I'm acctually going to a Christmas thing at my sister's church tonight for my neices.We have all of our Christmas stuff up already. As for baking, I suppose that's not a bad idea-although i'd probably be tempted to eat what I bake  , which could be a bad thing for the waistline that i've worked so hard to have. I don't remember a Christmas before where i've acctually had a smaller waist. I did get to town today and get something for my mom for a present. Even though it wasn't exactly what I had in mind for her-I think she'll like it and can acctually use it so that makes me feel a bit better. It's been a long year here-as I imagine it has been for a lot of folks around the world. My dad was laid off from his job in October and is still looking for a new one. I've been to two funerals this year-only weeks apart, but know of atleast 3 people that have passed this year. And my roomate is being a huge bahumbug(even bigger than me), which certainly doesn't help. I think i'll feel a bit better once the holidays are over.


----------



## PiccoloGoat (Sep 10, 2008)

Well I never usually bake anything. But last year the whole family was very Bahumbug. We didn't bother with the tree and didn't hang around much on Christmas. Everyone was tired.

But this year I'm bein a brat and doing everything early and making sure we have a christmassy christmas


----------



## eliya (Nov 20, 2007)

I've had times when I feel down and the best way I know of to cheer up is to count my blessings... Here are some of the best things that I have:
The Creator of the universe has created this beautiful world. Even though the creation (including us) is fallen, we can have a relationship with our creator God through his son, Jesus Christ. :stars: 
A God who loves me no matter how bad I am. He loved me so much that he came to earth "he humbled himself, and became obedient unto death, even the death of the cross." - For MY sins and for YOUR sins. Even though I deserve eternal death and hell because of my sins, I can come to God through Christ "For the wages of sin is death; but the gift of God is eternal life through Jesus Christ our Lord". By excepting the gift of his grace, I can KNOW that I am going to heaven. 
I can have the "peace of God which passeth all understanding".
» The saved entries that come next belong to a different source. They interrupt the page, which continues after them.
Fixpoint ltl_holds (phi : ltl) (xi : traj) (t : nat) : Prop :=
  match phi with
  | LAtom s a s' => tst xi t = s /\ tact xi t = a /\ tst xi t.+1 = s'
  | LNot psi => ~ ltl_holds psi xi t
  | LOr psi chi => ltl_holds psi xi t \/ ltl_holds chi xi t
  | LAnd psi chi => ltl_holds psi xi t /\ ltl_holds chi xi t
  | LImp psi chi => ltl_holds psi xi t -> ltl_holds chi xi t
  | LNext psi => ltl_holds psi xi t.+1
  | LAlways psi => forall t', (t <= t')%N -> ltl_holds psi xi t'
  | LEventually psi => exists t', (t <= t')%N /\ ltl_holds psi xi t'
  | LUntil psi chi => exists t', (t <= t')%N /\ ltl_holds chi xi t' /\
      forall t'', (t <= t'')%N -> (t'' < t')%N -> ltl_holds psi xi t''
  end.

Definition cyl n (p : path n) : set traj :=
  [set xi | forall k, (k <= n)%N -> tst xi k = pst p k /\ tact xi k = pact p k].

Definition ocyl (c : option {n : nat & path n}) : set traj :=
  if c is Some (existT n p) then cyl p else set0.

Definition ocyl_prob (pi : policy E) (c : option {n : nat & path n}) : R :=
  if c is Some (existT n p) then path_prob pi p else 0.

(** The trajectory distribution of pi, evaluated on a set B of trajectories
    via the Caratheodory outer measure generated by the cylinder
    probabilities; on measurable sets (in particular on LTL events) this is
    the probability of B under the trajectory distribution. *)
Definition traj_prob (pi : policy E) (B : set traj) : \bar R :=
  ereal_inf [set (\sum_(k <oo) (ocyl_prob pi (c k))%:E)%E
            | c in [set c : nat -> option {n : nat & path n} |
                    B `<=` \bigcup_k ocyl (c k)]].
(* For every graph $G=(V,E)$ with $V=\{1,\dots,n\}$ we have $\vartheta_2(G)=\vartheta_2'(G)$, where $$\vartheta_2'(G)=\max\Big\{\sum_{i=1}^n c(v_i,v_0)\Big\}$$ with the maximum taken over all integers $d\geq1$ and all families $(v_0,v_1,\dots,v_n)$ of vectors in $\mathbb R^d$ such that $\langle v_0,v_i\rangle\geq0$ for all $i$ and $\langle v_i,v_j\rangle\leq0$ whenever $\{i,j\}\in E$.
   Context: For $x,y\in\mathbb R^d$, $c(x,y)=\langle x,y\rangle^2\|x\|^{-2}\|y\|^{-2}$ if $x,y\neq0$ and $c(x,y)=0$ otherwise. For a graph $H$ on $\{1,\dots,n\}$ and real $k>1$, a rigid vector $k$-coloring of $H$ is an $n$-tuple of unit vectors $(u_1,\dots,u_n)$ in $\mathbb R^n$ with $\langle u_i,u_j\rangle=-1/(k-1)$ for all edges $\{i,j\}$ of $H$ and $\langle u_i,u_j\rangle\geq-1/(k-1)$ for all non-adjacent $i\neq j$; $\bar\vartheta_2(H)$ is the infimum of $k>1$ such that $H$ admits a rigid vector $k$-coloring, and $\vartheta_2(G)=\bar\vartheta_2(\bar G)$ where $\bar G$ is the complement of $G$. *)

From HB Require Import structures.
From mathcomp Require Import all_boot all_order all_algebra.
From mathcomp Require Import classical_sets reals.
Set Implicit Arguments. Unset Strict Implicit. Unset Printing Implicit Defensive.
Import Order.TTheory GRing.Theory Num.Theory.
Local Open Scope ring_scope.
Local Open Scope classical_set_scope.

Definition dotp (R : realType) (d : nat) (x y : 'rV[R]_d) : R :=
  \sum_(i < d) x 0 i * y 0 i.

Definition cfun (R : realType) (d : nat) (x y : 'rV[R]_d) : R :=
  if (x != 0) && (y != 0) then
    dotp x y ^+ 2 / (dotp x x * dotp y y)
  else 0.

Definition simple_graph (n : nat) (e : rel 'I_n) : Prop :=
  (forall i j, e i j = e j i) /\ (forall i, e i i = false).

Definition compl_graph (n : nat) (e : rel 'I_n) : rel 'I_n :=
  fun i j => (i != j) && ~~ e i j.

Definition rigid_vector_coloring (R : realType) (n : nat) (H : rel 'I_n)
    (k : R) (u : 'I_n -> 'rV[R]_n) : Prop :=
  (forall i, dotp (u i) (u i) = 1) /\
  (forall i j, H i j -> dotp (u i) (u j) = - (k - 1)^-1) /\
  (forall i j, i != j -> ~~ H i j -> - (k - 1)^-1 <= dotp (u i) (u j)).

Definition theta_bar2 (R : realType) (n : nat) (H : rel 'I_n) : R :=
  inf [set k : R | 1 < k /\ exists u, rigid_vector_coloring H k u].

Definition theta2 (R : realType) (n : nat) (G : rel 'I_n) : R :=
  theta_bar2 R (compl_graph G).

Definition theta2'_feasible (R : realType) (n : nat) (G : rel 'I_n) (d : nat)
    (v0 : 'rV[R]_d) (v : 'I_n -> 'rV[R]_d) : Prop :=
  (forall i, 0 <= dotp v0 (v i)) /\
  (forall i j, G i j -> dotp (v i) (v j) <= 0).

Definition theta2'_value (R : realType) (n : nat) (d : nat)
    (v0 : 'rV[R]_d) (v : 'I_n -> 'rV[R]_d) : R :=
  \sum_(i < n) cfun (v i) v0.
Now I know to many of you this may sound like a preachy sermon, but it is the truth and the only real way to fight depression. When you realize the significance of the real reason for CHRISTmas, you can be joyful even when there are no presents, no light, no tree or other Christmas traditions. The Light of the World can be living in you! Following after Christ is the only way to have true, lasting peace and joy.

Philippians 4:4-9
Rejoice in the Lord alway: and again I say, Rejoice. 
Let your moderation be known unto all men. The Lord is at hand. 
Be careful (full of care/worry) for nothing; but in every thing by prayer and supplication with thanksgiving let your requests be made known unto God. 
And the peace of God, which passeth all understanding, shall keep your hearts and minds through Christ Jesus. 
Finally, brethren, whatsoever things are true, whatsoever things are honest, whatsoever things are just, whatsoever things are pure, whatsoever things are lovely, whatsoever things are of good report; if there be any virtue, and if there be any praise, think on these things. 
Those things, which ye have both learned, and received, and heard, and seen in me, do: and the God of peace shall be with you.

Now I have to say, I don't always do this and have times when I am down. So please don't think I am being a 'holier than thou' type person - I just have learned where to go for peace and joy, and since you asked, I wanted to share what I have learned.
May you be able to go the the God of Peace this year for the best gift of all!


----------